Stress is a natural human response that prompts us to address challenges and threats in our lives. Everyone experiences stress to some degree. However, how we respond to stress makes a big difference to our overall well-being.

Understanding Stress

Stress and health are closely intertwined. Stress affects both our body and mind. There are two types of stress: physical and emotional. Physical stress is how the body reacts to things like injuries, illnesses, and tough workouts. Emotional stress comes from strong feelings like anxiety, sadness, fear, and anger. When we feel stressed, our body goes into “fight or flight” mode, releasing hormones like cortisol and adrenaline.

Common Stress Triggers

While people have different things that stress them out, studies show that work-related stress is a major one for American adults and has been getting worse over the past few decades. In cities like New York and Los Angeles, the link between job stress and heart attacks is so recognized that if a police officer has a heart attack, whether at work or not, it’s often treated as a work-related injury, and they receive compensation.

Life stresses can also have a significant impact, such as the loss of a loved one, a new baby, separations, job changes, financial pressures, marriage, relocation, health challenges, emotional struggles, and traumatic events.

Sometimes, stress even comes from our thoughts, such as feeling scared or uncertain due to news about pandemics or climate change and feeling like we have no control. Coupled with worries about personal matters like work projects and financial constraints, these can contribute to a great need for good stress management techniques.

The Effects of Stress and Health

When stressed, our bodies react physically. Our nervous systems jump into action, releasing hormones that prep us to fight or run. This is called the “fight or flight” response. When we’re under this level of stress, we may feel our heart race, our breathing get faster, our muscles tighten, and we sweat when stressed. 

Short-term stress is normal, and our bodies usually bounce back quickly. But, long-lasting stress (chronic stress) can lead to serious health issues. Continual stress hormones like cortisol and adrenaline can wear our bodies out, making us more likely to get sick.

If you’ve been feeling stressed recently, you might notice:

  • Headaches
  • Feeling tired
  • Trouble sleeping
  • Finding it hard to focus
  • Stomach issues
  • Irritation

When stress lasts a long time and is not dealt with, it can cause serious health issues like:

  • Depression and anxiety
  • High blood pressure
  • Heart problems
  • Stomach issues
  • Gaining or losing weight
  • Fertility issues
  • Breathing issues
  • Skin troubles

Managing stress can really help your health. One study even found that women with heart issues lived longer when they followed a stress management plan.

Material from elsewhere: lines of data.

(* For every positive integer $N$ there exists a real symmetric nonnegative matrix $A$ of rank $3$ having exactly one negative eigenvalue (counted with multiplicity) whose nonnegative rank exceeds $N$.
   Context: The nonnegative rank of an $m\times n$ matrix $A$ with nonnegative real entries is the smallest integer $r$ such that $A=UV$ for some $m\times r$ matrix $U$ and $r\times n$ matrix $V$, both with nonnegative real entries. *)

From HB Require Import structures.
From mathcomp Require Import all_boot all_order all_algebra.
From mathcomp Require Import reals.
Set Implicit Arguments. Unset Strict Implicit. Unset Printing Implicit Defensive.
Import Order.TTheory GRing.Theory Num.Theory.
Local Open Scope ring_scope.

Definition nonneg_mx (R : realType) (m n : nat) (A : 'M[R]_(m, n)) : Prop :=
  forall i j, 0 <= A i j.

Definition nonneg_factorization (R : realType) (m n r : nat)
    (A : 'M[R]_(m, n)) : Prop :=
  exists (U : 'M[R]_(m, r)) (V : 'M[R]_(r, n)),
    nonneg_mx U /\ nonneg_mx V /\ A = U *m V.

Definition eigenvalue_multiset (R : realType) (n : nat) (A : 'M[R]_n)
    (s : seq R) : Prop :=
  char_poly A = \prod_(x <- s) ('X - x%:P).

Definition num_neg_eigenvalues (R : realType) (n : nat) (A : 'M[R]_n)
    (k : nat) : Prop :=
  exists s : seq R, eigenvalue_multiset A s /\ count (fun x => x < 0) s = k.

From HB Require Import structures.
From mathcomp Require Import all_boot all_order all_algebra.
From mathcomp Require Import reals ring lra.
Import Order.TTheory GRing.Theory Num.Theory.
Local Open Scope ring_scope.

(* The matrix A_ij = (x_i + x_j)^2 over the 2m points x = ±1, ..., ±m is
   symmetric, nonnegative and of rank 3, since it equals x_i^2 + 2 x_i x_j + x_j^2.
   Writing A = B C with B of width 3, A has the eigenvalues of C B together with
   zeros; B can be chosen so that C B is triangular with exactly one negative
   diagonal entry.  In a nonnegative factorization A = U V of inner dimension r,
   the zero set of column j of A is determined by the support of column j of V,
   so A has at most 2^r distinct column zero sets; but column j of A vanishes
   exactly at the point -x_j, so all 2m zero sets are distinct.  Take m = 2^N. *)

(* Compare the determinants of two block factorizations of [[X, B], [C, 1]]. *)
Lemma char_poly_mulmxC (R : comNzRingType) (p q : nat)
    (B : 'M[R]_(p, q)) (C : 'M[R]_(q, p)) :
  'X^q * char_poly (B *m C) = 'X^p * char_poly (C *m B).
Proof.
set Bp := map_mx (@polyC R) B; set Cp := map_mx (@polyC R) C.
pose M := block_mx ('X%:M : 'M_p) Bp Cp (1%:M : 'M_q).
pose L1 := block_mx (1%:M : 'M_p) (- Bp) 0 ('X%:M : 'M_q).
pose L2 := block_mx (1%:M : 'M_p) 0 (- Cp) ('X%:M : 'M_q).
have L1M : L1 *m M = block_mx (char_poly_mx (B *m C)) 0 ('X *: Cp) 'X%:M.
  rewrite mulmx_block !mul1mx !mul0mx !add0r !mulmx1 mulNmx subrr mul_scalar_mx.
  by rewrite /char_poly_mx map_mxM.
have L2M : L2 *m M = block_mx 'X%:M Bp 0 (char_poly_mx (C *m B)).
  rewrite mulmx_block !mul1mx !mul0mx !addr0 !mulmx1 !mulNmx mul_mx_scalar.
  by rewrite mul_scalar_mx addNr /char_poly_mx map_mxM addrC.
have := congr1 determinant L1M; have := congr1 determinant L2M.
rewrite !det_mulmx det_ublock det_lblock det_lblock det_ublock !det1 !det_scalar.
by rewrite !mul1r /char_poly => <- ->; rewrite mulrC.
Qed.

Lemma eigenvalue_multiset_mulmx_trig (R : realType) (n p : nat)
    (B : 'M[R]_(n, p)) (C : 'M[R]_(p, n)) :
  (p <= n)%N -> is_trig_mx (C *m B) ->
  eigenvalue_multiset (B *m C) ([seq (C *m B) k k | k : 'I_p] ++ nseq (n - p) 0).
Proof.
move=> le_pn CB_trig; rewrite /eigenvalue_multiset big_cat big_map big_enum /=.
have -> : \prod_(y <- nseq (n - p) 0) ('X - y%:P) = 'X^(n - p) :> {poly R}.
  by elim: (n - p)%N => [|k IH]; rewrite ?big_nil /= ?big_cons ?IH ?subr0 ?exprS.
apply: (mulfI (x := 'X^p)); first by rewrite expf_neq0 // polyX_eq0.
by rewrite -char_poly_mulmxC char_poly_trig // mulrCA -exprD subnKC // mulrC.
Qed.

Definition col_zeros {R : nzRingType} {m n : nat} (A : 'M[R]_(m, n)) (j : 'I_n) :
  {set 'I_m} := [set i | A i j == 0].

Lemma card_col_zeros_nonneg_factorization (R : realType) (m n r : nat)
    (A : 'M[R]_(m, n)) :
  nonneg_factorization r A -> (#|col_zeros A @: 'I_n| <= 2 ^ r)%N.
Proof.
move=> [U [V [U_ge0 [V_ge0 ->]]]].
pose supp (j : 'I_n) : {set 'I_r} := [set k | V k j != 0].
pose killed (S : {set 'I_r}) : {set 'I_m} := [set i | [forall k in S, U i k == 0]].
have col_zerosE j : col_zeros (U *m V) j = killed (supp j).
  apply/setP => i; rewrite !inE mxE psumr_eq0 => [|k _]; last exact: mulr_ge0.
  apply/allP/forall_inP => [H k | H k _].
    by rewrite inE => Vk; move: (H k (mem_index_enum k)); rewrite mulf_eq0 (negbTE Vk) orbF.
  rewrite mulf_eq0; have [_|Vk] := eqVneq (V k j) 0; first by rewrite orbT.
  by rewrite orbF H ?inE.
have -> : col_zeros (U *m V) @: 'I_n = killed @: (supp @: 'I_n).
  by rewrite -imset_comp; apply: eq_imset.
apply: leq_trans (leq_imset_card _ _) _.
by apply: leq_trans (max_card _) _; rewrite -cardsT -powersetT card_powerset cardsT card_ord.
Qed.

Lemma mxrank_mxsub (F : fieldType) (m1 m2 n1 n2 : nat)
    (f : 'I_m2 -> 'I_m1) (g : 'I_n2 -> 'I_n1) (A : 'M[F]_(m1, n1)) :
  (\rank (mxsub f g A) <= \rank A)%N.
Proof.
have rank_rowsub p q r (h : 'I_q -> 'I_p) (B : 'M[F]_(p, r)) :
    (\rank (rowsub h B) <= \rank B)%N by apply/mxrankS/rowsub_sub.
rewrite mxsubrc (leq_trans (rank_rowsub _ _ _ _ _)) //.
by rewrite -mxrank_tr trmx_mxsub -[leqRHS]mxrank_tr rank_rowsub.
Qed.

Section SquaredSumMatrix.
Variables (R : realType) (m : nat).
Hypothesis m_gt1 : (1 < m)%N.
Local Notation n := (m + m)%N.
Local Notation nR := (n%:R : R).

Definition pt (i : 'I_n) : R :=
  match split i with inl k => k.+1%:R | inr k => - k.+1%:R end.

Lemma pt_lshift (k : 'I_m) : pt (lshift m k) = k.+1%:R.
Proof. by rewrite /pt (unsplitK (inl k)). Qed.

Lemma pt_rshift (k : 'I_m) : pt (rshift m k) = - k.+1%:R.
Proof. by rewrite /pt (unsplitK (inr k)). Qed.

Lemma pt_inj : injective pt.
Proof.
move=> i j; rewrite -(splitK i) -(splitK j).
case: (split i) => [k|k]; case: (split j) => [l|l] /=;
  rewrite ?pt_lshift ?pt_rshift.
- by move/eqP; rewrite eqr_nat eqSS => /eqP/val_inj ->.
- by move=> e; exfalso; have := ltr0Sn R k; have := ltr0Sn R l; lra.
- by move=> e; exfalso; have := ltr0Sn R k; have := ltr0Sn R l; lra.
- by move/oppr_inj/eqP; rewrite eqr_nat eqSS => /eqP/val_inj ->.
Qed.

Lemma pt_opp (j : 'I_n) : exists i, pt i = - pt j.
Proof.
rewrite -(splitK j); case: (split j) => k /=.
  by exists (rshift m k); rewrite pt_lshift pt_rshift.
by exists (lshift m k); rewrite pt_lshift pt_rshift opprK.
Qed.

Lemma sum_pt_odd (g : R -> R) : (forall y, g (- y) = - g y) -> \sum_i g (pt i) = 0.
Proof.
move=> g_odd; rewrite big_split_ord /=.
under [X in _ + X]eq_bigr do rewrite pt_rshift g_odd.
by under eq_bigr do rewrite pt_lshift; rewrite sumrN subrr.
Qed.

Let k0 : 'I_m := Ordinal (ltnW m_gt1).
Let k1 : 'I_m := Ordinal m_gt1.

Definition Amx : 'M[R]_n := \matrix_(i, j) (pt i + pt j) ^+ 2.

Definition moment4 : R := \sum_i pt i ^+ 4.
Definition beta : R := Num.sqrt (nR * moment4).

(* Amx = Bmx Cmx because (y + z)^2 = 2 y z + ((beta + n y^2)(beta + n z^2)
   - (beta - n y^2)(beta - n z^2)) / (2 n beta).  C B is triangular because the
   points are symmetric (odd sums vanish) and beta^2 = n * moment4 makes
   phi 0 and phi 2 orthogonal over the points. *)
Definition phi (k : 'I_3) (y : R) : R :=
  match val k with 0 => beta + nR * y ^+ 2 | 1 => y | _ => beta - nR * y ^+ 2 end.
Definition weight (k : 'I_3) : R :=
  match val k with 0 => (2 * nR * beta)^-1 | 1 => 2 | _ => - (2 * nR * beta)^-1 end.

Definition Bmx : 'M[R]_(n, 3) := \matrix_(i, k) phi k (pt i).
Definition Cmx : 'M[R]_(3, n) := \matrix_(k, i) (weight k * phi k (pt i)).

Lemma nR_gt0 : 0 < nR.
Proof. by rewrite ltr0n addn_gt0 (ltnW m_gt1). Qed.

Lemma moment4_gt0 : 0 < moment4.
Proof.
have pt4_ge0 i : 0 <= pt i ^+ 4 by rewrite (_ : 4 = 2 * 2)%N // exprM sqr_ge0.
rewrite lt0r sumr_ge0 ?andbT; last by move=> i _; apply: pt4_ge0.
rewrite psumr_eq0; last by move=> i _; apply: pt4_ge0.
apply/allP => /(_ (lshift m k0) (mem_index_enum _)).
by rewrite pt_lshift expr1n oner_eq0.
Qed.

Lemma beta_gt0 : 0 < beta.
Proof. by rewrite sqrtr_gt0 mulr_gt0 ?nR_gt0 ?moment4_gt0. Qed.

Lemma beta_sqr : beta ^+ 2 = nR * moment4.
Proof. by rewrite sqr_sqrtr // mulr_ge0 ?ltW ?nR_gt0 ?moment4_gt0. Qed.

Lemma Amx_factor : Amx = Bmx *m Cmx.
Proof.
apply/matrixP => i j; rewrite !mxE !big_ord_recl big_ord0 !mxE /phi /weight /=.
have := nR_gt0; have := beta_gt0; move: nR beta (pt i) (pt j) => a b y z hb ha.
by field; rewrite !gt_eqF.
Qed.

Lemma CBmxE k l : (Cmx *m Bmx) k l = \sum_i weight k * phi k (pt i) * phi l (pt i).
Proof. by rewrite !mxE; apply: eq_bigr => i _; rewrite !mxE. Qed.

Lemma CBmx_trig : is_trig_mx (Cmx *m Bmx).
Proof.
apply/is_trig_mxP => k l; rewrite CBmxE.
case: k => [[|[|[|?]]] hk] //; case: l => [[|[|[|?]]] hl] // _.
- apply: (sum_pt_odd (fun y => weight _ * phi (Ordinal hk) y * phi (Ordinal hl) y)).
  by move=> y; rewrite /phi /weight /=; ring.
- rewrite (eq_bigr (fun i => weight ord0 * (beta ^+ 2 - nR ^+ 2 * pt i ^+ 4))); last first.
    by move=> i _; rewrite /phi /weight /=; ring.
  by rewrite -mulr_sumr sumrB sumr_const card_ord -mulr_sumr beta_sqr -/moment4 -mulr_natr; ring.
- apply: (sum_pt_odd (fun y => weight _ * phi (Ordinal hk) y * phi (Ordinal hl) y)).
  by move=> y; rewrite /phi /weight /=; ring.
Qed.

Lemma CBmx_diagE k : (Cmx *m Bmx) k k = weight k * \sum_i phi k (pt i) ^+ 2.
Proof. by rewrite CBmxE mulr_sumr; apply: eq_bigr => i _; rewrite mulrA. Qed.

Lemma inv_2nbeta_gt0 : 0 < (2 * nR * beta)^-1.
Proof. by rewrite invr_gt0 !mulr_gt0 ?nR_gt0 ?beta_gt0. Qed.

Lemma sum_phi2_sqr_gt0 : 0 < \sum_i (beta - nR * pt i ^+ 2) ^+ 2.
Proof.
rewrite lt0r sumr_ge0 ?andbT; last by move=> i _; apply: sqr_ge0.
rewrite psumr_eq0; last by move=> i _; apply: sqr_ge0.
apply/negP => /allP all0.
have := all0 (lshift m k0) (mem_index_enum _); have := all0 (lshift m k1) (mem_index_enum _).
rewrite !pt_lshift !sqrf_eq0 !subr_eq0 => /eqP e1 /eqP e0.
move: e1; rewrite e0 => /(mulfI (lt0r_neq0 nR_gt0))/eqP.
by rewrite -!natrX eqr_nat /k0 /k1 /= => /eqP.
Qed.

Lemma CBmx_diag_lt0 k : ((Cmx *m Bmx) k k < 0) = (k == ord_max).
Proof.
rewrite -val_eqE /=.
have sumsq_ge0 l : 0 <= \sum_i phi l (pt i) ^+ 2 by rewrite sumr_ge0 // => i _; apply: sqr_ge0.
case: k => [[|[|[|?]]] hk] //; rewrite CBmx_diagE /weight /=.
- by rewrite ltNge mulr_ge0 // ltW // inv_2nbeta_gt0.
- by rewrite ltNge mulr_ge0.
- by rewrite /phi /= mulNr oppr_lt0 mulr_gt0 ?inv_2nbeta_gt0 ?sum_phi2_sqr_gt0.
Qed.

Lemma num_neg_eigenvalues_Amx : num_neg_eigenvalues Amx 1.
Proof.
have le3n : (3 <= n)%N by apply: (leq_add m_gt1 (ltnW m_gt1)).
eexists; split; first by rewrite Amx_factor; apply: eigenvalue_multiset_mulmx_trig le3n CBmx_trig.
rewrite count_cat count_nseq ltxx mul0n addn0 count_map.
under eq_count do rewrite /= CBmx_diag_lt0.
by rewrite (count_uniq_mem _ (enum_uniq _)) mem_enum.
Qed.

Definition minor_idx (k : 'I_3) : 'I_n :=
  match val k with 0 => lshift m k0 | 1 => rshift m k0 | _ => lshift m k1 end.

Lemma rank_Amx : \rank Amx = 3%N.
Proof.
apply/eqP; rewrite eqn_leq; apply/andP; split.
  by rewrite Amx_factor (leq_trans (mxrankM_maxl _ _)) ?rank_leq_col.
have minor_unit : mxsub minor_idx minor_idx Amx \in unitmx.
  rewrite unitmxE unitfE (expand_det_row _ ord0) !big_ord_recl big_ord0 /cofactor.
  rewrite !(expand_det_row _ ord0) !big_ord_recl !big_ord0 /cofactor !det_mx11.
  rewrite !mxE /= /minor_idx /= !pt_lshift !pt_rshift /bump /= /k0 /k1 /=.
  by apply/eqP; lra.
by rewrite -(mxrank_unit minor_unit) mxrank_mxsub.
Qed.

Lemma col_zeros_Amx_inj : injective (col_zeros Amx).
Proof.
move=> j1 j2 /setP/(_ _) eq_zeros; have [i pt_i] := pt_opp j1.
have := eq_zeros i; rewrite !inE !mxE pt_i addNr expr0n eqxx sqrf_eq0 addrC subr_eq0.
by move=> /esym/eqP/pt_inj ->.
Qed.

End SquaredSumMatrix.

Theorem mainTheorem1 (R : realType) (N : nat) (hN : (0 < N)%N) :
  exists (n : nat) (A : 'M[R]_n),
    A^T = A /\ nonneg_mx A /\ \rank A = 3%N /\
    num_neg_eigenvalues A 1 /\
    (forall r : nat, (r <= N)%N -> ~ nonneg_factorization r A).
Proof.
have m_gt1 : (1 < 2 ^ N)%N by rewrite -{1}(expn0 2) ltn_exp2l.
exists (2 ^ N + 2 ^ N)%N, (Amx R (2 ^ N)).
split; first by apply/matrixP => i j; rewrite !mxE addrC.
split; first by move=> i j; rewrite mxE sqr_ge0.
split; first exact: rank_Amx.
split; first exact: num_neg_eigenvalues_Amx.
move=> r le_rN /card_col_zeros_nonneg_factorization.
rewrite card_imset; last exact: col_zeros_Amx_inj.
rewrite card_ord leqNgt => /negP; apply.
by rewrite addnn -mul2n -expnS ltn_exp2l // ltnS.
Qed.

Top Stress Management Tips for Everyday Life

woman managing stress

Stress is common, but learning stress management techniques can help us respond to it. Stress management uses different methods to handle stress and build resilience to it. Trying different methods to find what works for you is critical, as there is no one-size-fits-all approach. Here are some techniques that can help reduce stress, avoid unnecessary stress, or deal with it when it happens.

Identify the Causes of Stress in Your Life

Stress management begins by finding what makes us stressed. It’s not always easy. While big stressors like changing jobs are clear, figuring out long-term stressors can be tricky. Sometimes, our thoughts and actions are causing stress, not just the situation. It’s important to take a look at our habits, attitudes, and excuses to uncover what’s really stressing us out:

Keep a Stress Journal

A stress diary can help us spot the things that stress us out and how we handle them. Whenever you feel stressed, jot it down in your diary or use a stress tracker on your phone. By writing each day, we begin to notice patterns and common themes. Write down:

  1. What made you stressed?
  2. How did you feel, both physically and emotionally?
  3. What did you do to feel better?

Then, look into swapping any detrimental methods for dealing with stress, like drinking alcohol, with good ones, like deep breathing. If how you deal with stress isn’t helping your overall health, try new ways. 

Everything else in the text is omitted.